Bearish Arguments — and Why They May Be Overstated
Weakening labour market A cooling labour market could strengthen the case for rate cuts, which is generally supportive for equity valuations rather than a negative catalyst.
GPU depreciation concerns Extending GPU depreciation periods has recently been mischaracterised as accounting manipulation. While the physical lifespan of GPUs used for intensive training may be only 1–3 years, their economic lifespan can extend beyond five years, as older chips remain highly effective for inference workloads.
Circular funding concerns The so-called “circular funding” issue does not represent an immediate systemic risk. It only becomes problematic if long-term AI demand fails to materialise, leaving highly leveraged players unable to service their debt. As long as real AI adoption and usage continue to expand, this risk remains contained.
Potential Supreme Court loss on tariffs If the Supreme Court rules against Trump’s tariffs, replacement tariff measures or rebate mechanisms could be introduced. While heightened policy uncertainty may temporarily weigh on markets, it is unlikely to derail the broader equity trend.

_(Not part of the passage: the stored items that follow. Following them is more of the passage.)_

(* Let $\Omega\subseteq S^{n-1}$ be a closed set not contained in any closed hemisphere of $S^{n-1}$, let $\Psi\in\mathcal C_I\cup\mathcal C_d$, $f\in C^+(\Omega)$, $g\in C(\Omega)$, and for $|\varepsilon|$ sufficiently small let $f_\varepsilon\in C^+(\Omega)$ be defined by $\Psi(\xi,f_\varepsilon(\xi))=\Psi(\xi,f(\xi))+\varepsilon g(\xi)$, $\xi\in\Omega$. (i) For $v\in S^{n-1}\setminus\eta_{\langle f\rangle}$, letting $u_0=\alpha_{\langle f\rangle^*}(v)$, $$\lim_{\varepsilon\to0}\frac{\log h_{\langle f_\varepsilon\rangle}(v)-\log h_{\langle f\rangle}(v)}{\varepsilon}=\frac{g(u_0)}{f(u_0)\Psi_t(u_0,f(u_0))}.$$ (ii) For $\xi\in S^{n-1}\setminus\eta_{\langle 1/f\rangle}$, letting $u_1=\alpha_{[f]}(\xi)$, $$\lim_{\varepsilon\to0}\frac{\log\rho_{[f_\varepsilon]}(\xi)-\log\rho_{[f]}(\xi)}{\varepsilon}=\frac{g(u_1)}{f(u_1)\Psi_t(u_1,f(u_1))}.$$
   Context: $S^{n-1}$ is the unit sphere of $\mathbb R^n$, $n\ge2$. $\mathscr K^n_{(o)}$ is the set of compact convex sets in $\mathbb R^n$ with the origin in their interior. For $K\in\mathscr K^n_{(o)}$: $h_K(x)=\max\{x\cdot y:y\in K\}$, $\rho_K(x)=\max\{t\ge0:tx\in K\}$, $K^*=\{x:x\cdot y\le1\ \forall y\in K\}$. $\eta_K$ is the set of $u\in S^{n-1}$ for which $\{x\in\partial K:x\cdot u=h_K(u)\}$ contains two or more points. For $\xi\in S^{n-1}$, $\pmb\alpha_K(\xi)$ is the set of outer unit normals of $K$ at $\rho_K(\xi)\xi$; for $v\notin\eta_K$ the set $\pmb\alpha_{K^*}(v)$ is a singleton, written $\{\alpha_{K^*}(v)\}$ (and, in particular, $\alpha_{\langle f\rangle^*}(v)$ for $v\notin\eta_{\langle f\rangle}$, $\alpha_{[f]}(\xi)$ for $\xi\notin\eta_{\langle1/f\rangle}$, noting $[f]=\langle 1/f\rangle^*$, are well-defined and lie in $\Omega$). $\mathcal C$ is the set of $G:S^{n-1}\times(0,\infty)\to\mathbb R$ with $G$ and $G_t=\partial G/\partial t$ continuous; $\mathcal C_I=\{G\in\mathcal C:G_t>0\}$, $\mathcal C_d=\{G\in\mathcal C:G_t<0\}$. $C(\Omega)$: continuous functions on $\Omega$; $C^+(\Omega)$: strictly positive ones. For $f\in C^+(\Omega)$: $[f]=\bigcap_{\xi\in\Omega}\{x:x\cdot\xi\le f(\xi)\}$ and $\langle f\rangle=\mathrm{conv}\{f(\xi)\xi:\xi\in\Omega\}$. *)

From HB Require Import structures.
From mathcomp Require Import all_boot all_order all_algebra.
From mathcomp Require Import all_classical all_reals all_analysis.
Set Implicit Arguments. Unset Strict Implicit. Unset Printing Implicit Defensive.
Import Order.TTheory GRing.Theory Num.Theory.
Import numFieldNormedType.Exports.
Local Open Scope classical_set_scope.
Local Open Scope ring_scope.

Section ConvexDefs.
Variables (R : realType) (n : nat).
Implicit Types (x y u : 'rV[R]_n) (K A : set 'rV[R]_n).

Definition dotv x y : R := \sum_(i < n) x ord0 i * y ord0 i.

Definition sphere : set 'rV[R]_n := [set x | dotv x x = 1].

Definition hemisphere u : set 'rV[R]_n := [set x | sphere x /\ 0 <= dotv x u].

Definition convex_s A : Prop :=
  forall x y (t : R), A x -> A y -> 0 <= t <= 1 -> A (t *: x + (1 - t) *: y).
Definition conv A : set 'rV[R]_n :=
  [set x | forall C, convex_s C -> A `<=` C -> C x].

Definition supp_fun K x : R := sup [set dotv x y | y in K].
Definition radial_fun K x : R := sup [set t : R | 0 <= t /\ K (t *: x)].

Definition polar K : set 'rV[R]_n := [set x | forall y, K y -> dotv x y <= 1].

Definition bdry K : set 'rV[R]_n := closure K `\` interior K.

Definition eta_set K : set 'rV[R]_n :=
  [set u | sphere u /\ exists x y, x <> y /\
     bdry K x /\ dotv x u = supp_fun K u /\ bdry K y /\ dotv y u = supp_fun K u].

Definition alpha K (xi : 'rV[R]_n) : set 'rV[R]_n :=
  [set u | sphere u /\ dotv (radial_fun K xi *: xi) u = supp_fun K u].

Definition wulff (Omega : set 'rV[R]_n) (f : 'rV[R]_n -> R) : set 'rV[R]_n :=
  [set x | forall xi, Omega xi -> dotv x xi <= f xi].
Definition chull (Omega : set 'rV[R]_n) (f : 'rV[R]_n -> R) : set 'rV[R]_n :=
  conv [set f xi *: xi | xi in Omega].

Definition Psi_t (Psi : 'rV[R]_n -> R -> R) (xi : 'rV[R]_n) (t : R) : R :=
  derive1 (Psi xi) t.

Definition in_C (Psi : 'rV[R]_n -> R -> R) : Prop :=
  (forall xi t, sphere xi -> 0 < t -> derivable (Psi xi) t 1) /\
  {within [set p : 'rV[R]_n * R | sphere p.1 /\ 0 < p.2],
     continuous (fun p => Psi p.1 p.2)} /\
  {within [set p : 'rV[R]_n * R | sphere p.1 /\ 0 < p.2],
     continuous (fun p => Psi_t Psi p.1 p.2)}.

Definition in_C_I Psi : Prop :=
  in_C Psi /\ forall xi t, sphere xi -> 0 < t -> 0 < Psi_t Psi xi t.
Definition in_C_d Psi : Prop :=
  in_C Psi /\ forall xi t, sphere xi -> 0 < t -> Psi_t Psi xi t < 0.

Definition in_Cont (Omega : set 'rV[R]_n) (f : 'rV[R]_n -> R) : Prop :=
  {within Omega, continuous f}.
Definition in_Cpos (Omega : set 'rV[R]_n) (f : 'rV[R]_n -> R) : Prop :=
  {within Omega, continuous f} /\ forall xi, Omega xi -> 0 < f xi.

End ConvexDefs.

From Pilot Require Import Defs.
From HB Require Import structures.
From mathcomp Require Import all_boot all_order all_algebra.
From mathcomp Require Import all_classical all_reals all_analysis.
From mathcomp Require Import ring lra.
Import Order.TTheory GRing.Theory Num.Theory.
Import numFieldNormedType.Exports.
Local Open Scope classical_set_scope.
Local Open Scope ring_scope.
Set Implicit Arguments. Unset Strict Implicit. Unset Printing Implicit Defensive.

(* Write F(xi) = f(xi) (xi . v).  Since Omega is compact and not contained in a
   closed hemisphere, F attains a positive maximum on Omega, and h_<f>(v) is that
   maximum.  When v is not in eta_<f> the maximiser is unique; it is then the only
   constraint of <f>^* active at v / h_<f>(v), so it is the normal u0.
   The mean value theorem, applied to Psi(xi, .) and to ln, turns the implicit
   equation Psi(xi, f_e) = Psi(xi, f) + e g into
   (ln f_e - ln f) / e --> g / (f Psi_t(., f)), uniformly near every point of Omega.
   Near u0 this controls f_e(xi) (xi . v) to first order, and away from u0 the
   perturbation is absorbed by the gap below max F; by compactness,
   ln h_<f_e>(v) = ln h_<f>(v) + e g(u0) / (f(u0) Psi_t(u0, f(u0))) + o(e), which
   is (i).  Part (ii) is (i) for 1/f, because [f] = <1/f>^* and rho_{K^*} = 1/h_K. *)

Section Dotv.
Variables (R : realType) (n : nat).
Local Notation V := 'rV[R]_n.
Implicit Types (x y z u : V).

Lemma dotvC x y : dotv x y = dotv y x.
Proof. by apply: eq_bigr => i _; rewrite mulrC. Qed.

Lemma dotvDl x y z : dotv (x + y) z = dotv x z + dotv y z.
Proof. by rewrite /dotv -big_split; apply: eq_bigr => i _; rewrite mxE mulrDl. Qed.

Lemma dotvZl (a : R) x z : dotv (a *: x) z = a * dotv x z.
Proof. by rewrite /dotv mulr_sumr; apply: eq_bigr => i _; rewrite mxE mulrA. Qed.

Lemma dotvNl x z : dotv (- x) z = - dotv x z.
Proof. by rewrite -scaleN1r dotvZl mulN1r. Qed.

Lemma dotvBl x y z : dotv (x - y) z = dotv x z - dotv y z.
Proof. by rewrite dotvDl dotvNl. Qed.

Lemma dotvDr x y z : dotv z (x + y) = dotv z x + dotv z y.
Proof. by rewrite dotvC dotvDl !(dotvC z). Qed.

Lemma dotvZr (a : R) x z : dotv z (a *: x) = a * dotv z x.
Proof. by rewrite dotvC dotvZl dotvC. Qed.

Lemma dotvNr x z : dotv z (- x) = - dotv z x.
Proof. by rewrite dotvC dotvNl dotvC. Qed.

Lemma dotvBr x y z : dotv z (x - y) = dotv z x - dotv z y.
Proof. by rewrite dotvDr dotvNr. Qed.

Lemma dotvv_ge0 x : 0 <= dotv x x.
Proof. by apply: sumr_ge0 => i _; rewrite -expr2 sqr_ge0. Qed.

Lemma dotvv_eq0 x : dotv x x = 0 -> x = 0.
Proof.
move=> /eqP; rewrite psumr_eq0 => [/allP x0|i _]; last by rewrite -expr2 sqr_ge0.
apply/rowP => i; rewrite mxE.
by apply/eqP; rewrite -sqrf_eq0 expr2; exact: x0 (mem_index_enum i).
Qed.

Lemma dotv_sqr_le x u : dotv u u = 1 -> dotv x u ^+ 2 <= dotv x x.
Proof.
move=> uu; have := dotvv_ge0 (x - dotv x u *: u).
rewrite !dotvBl !dotvBr !dotvZl !dotvZr uu (dotvC u x).
by rewrite mulr1 subrr subr0 subr_ge0 expr2.
Qed.

Lemma dotv0l z : dotv 0 z = 0.
Proof. by rewrite /dotv big1 // => i _; rewrite mxE mul0r. Qed.

Lemma dotv_le_sqrt x u : dotv u u = 1 -> dotv x u <= Num.sqrt (dotv x x).
Proof.
move=> uu; apply: le_trans (ler_norm _) _.
by rewrite -sqrtr_sqr ler_sqrt ?dotvv_ge0 ?dotv_sqr_le.
Qed.

Lemma continuous_dotv y : continuous (fun x : V => dotv x y).
Proof.
rewrite /dotv; apply: (@continuous_big _ _ +%R 0 xpredT add_continuous) => i _ x.
by apply: cvgMl; [exact: nbhs_filter | exact: (@coord_continuous R 1 n ord0 i x)].
Qed.

Lemma continuous_dotvv : continuous (fun x : V => dotv x x).
Proof.
rewrite /dotv; apply: (@continuous_big _ _ +%R 0 xpredT add_continuous) => i _ x.
by apply: cvgM; [exact: nbhs_filter | exact: (@coord_continuous R 1 n ord0 i x)..].
Qed.

End Dotv.

Section Sphere.
Variables (R : realType) (n : nat).
Local Notation V := 'rV[R]_n.

Lemma sphereN (y : V) : sphere y -> sphere (- y).
Proof. by rewrite /sphere /= dotvNl dotvNr opprK. Qed.

Lemma sphere_closed : closed (@sphere R n).
Proof. exact: closed_comp (fun x _ => @continuous_dotvv R n x) (@closed_eq R 1). Qed.

Lemma sphere_compact : compact (@sphere R n).
Proof.
apply: bounded_closed_compact; last exact: sphere_closed.
exists 1; split => // M M1 x sx; apply/ltW; apply: le_lt_trans M1.
rewrite /Num.Def.normr /= mx_normrE; apply: bigmax_le => // -[i j] _ /=.
rewrite (ord1 i) -(ler_pXn2r (n := 2)) ?nnegrE // expr1n real_normK ?num_real //.
rewrite -sx /dotv (bigD1 j) //= expr2 lerDl.
by apply: sumr_ge0 => k _; rewrite -expr2 sqr_ge0.
Qed.

End Sphere.

Section SupportFunction.
Variables (R : realType) (n : nat).
Local Notation V := 'rV[R]_n.
Implicit Types (x y z v : V) (A K Om : set V) (h : V -> R).

Lemma sub_conv A : A `<=` Defs.conv A.
Proof. by move=> x Ax C _; apply. Qed.

Lemma convex_halfspace v (b : R) : convex_s [set x : V | dotv x v <= b].
Proof.
move=> x y t /= xb yb /andP[t0 t1]; rewrite dotvDl !dotvZl.
have -> : b = t * b + (1 - t) * b by ring.
by rewrite lerD ?ler_wpM2l ?subr_ge0.
Qed.

Lemma conv_dotv_le A v (b : R) :
  (forall x, A x -> dotv x v <= b) -> forall x, Defs.conv A x -> dotv x v <= b.
Proof.
by move=> Ab x /(_ [set y | dotv y v <= b]); apply; [exact: convex_halfspace | exact: Ab].
Qed.

Lemma chull_vertex Om h xi : Om xi -> chull Om h (h xi *: xi).
Proof. by move=> Oxi; apply: sub_conv; exists xi. Qed.

Lemma chull_dotv_le Om h v (b : R) :
  (forall xi, Om xi -> h xi * dotv xi v <= b) ->
  forall y, chull Om h y -> dotv y v <= b.
Proof. by move=> hb; apply: conv_dotv_le => _ [xi Oxi <-]; rewrite dotvZl hb. Qed.

Section Bounded.
Variables (Om : set V) (h : V -> R) (v : V) (b : R) (xi0 : V).
Hypotheses (Oxi0 : Om xi0) (hb : forall xi, Om xi -> h xi * dotv xi v <= b).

Tight liquidity With bank reserves nearing perceived “scarcity” levels, the Fed ended QT on December 1 and began technical buying of T-bills (approximately $40 billion per month) to manage liquidity. While officials distinguish this from stimulus, investors increasingly expect a return to quantitative easing in 2026 should liquidity stress persist. Moreover, tighter liquidity conditions could ultimately force the Fed to deliver larger-than-expected rate cuts.
Expensive tech valuations Rapid advances in AI help justify higher valuations because they are turning hype into real products, real revenue, and real productivity gains.
Tariff escalation Tariffs today are smaller in scale compared with the broad, global tariff actions seen in early 2025. While tariffs may contribute to higher inflation and limit the pace of rate cuts, inflation has so far remained milder than expected.
What Needs to Fall into Place to Lift the Stock Market in 2026?
Several key conditions would need to align to support further upside in equities in 2026.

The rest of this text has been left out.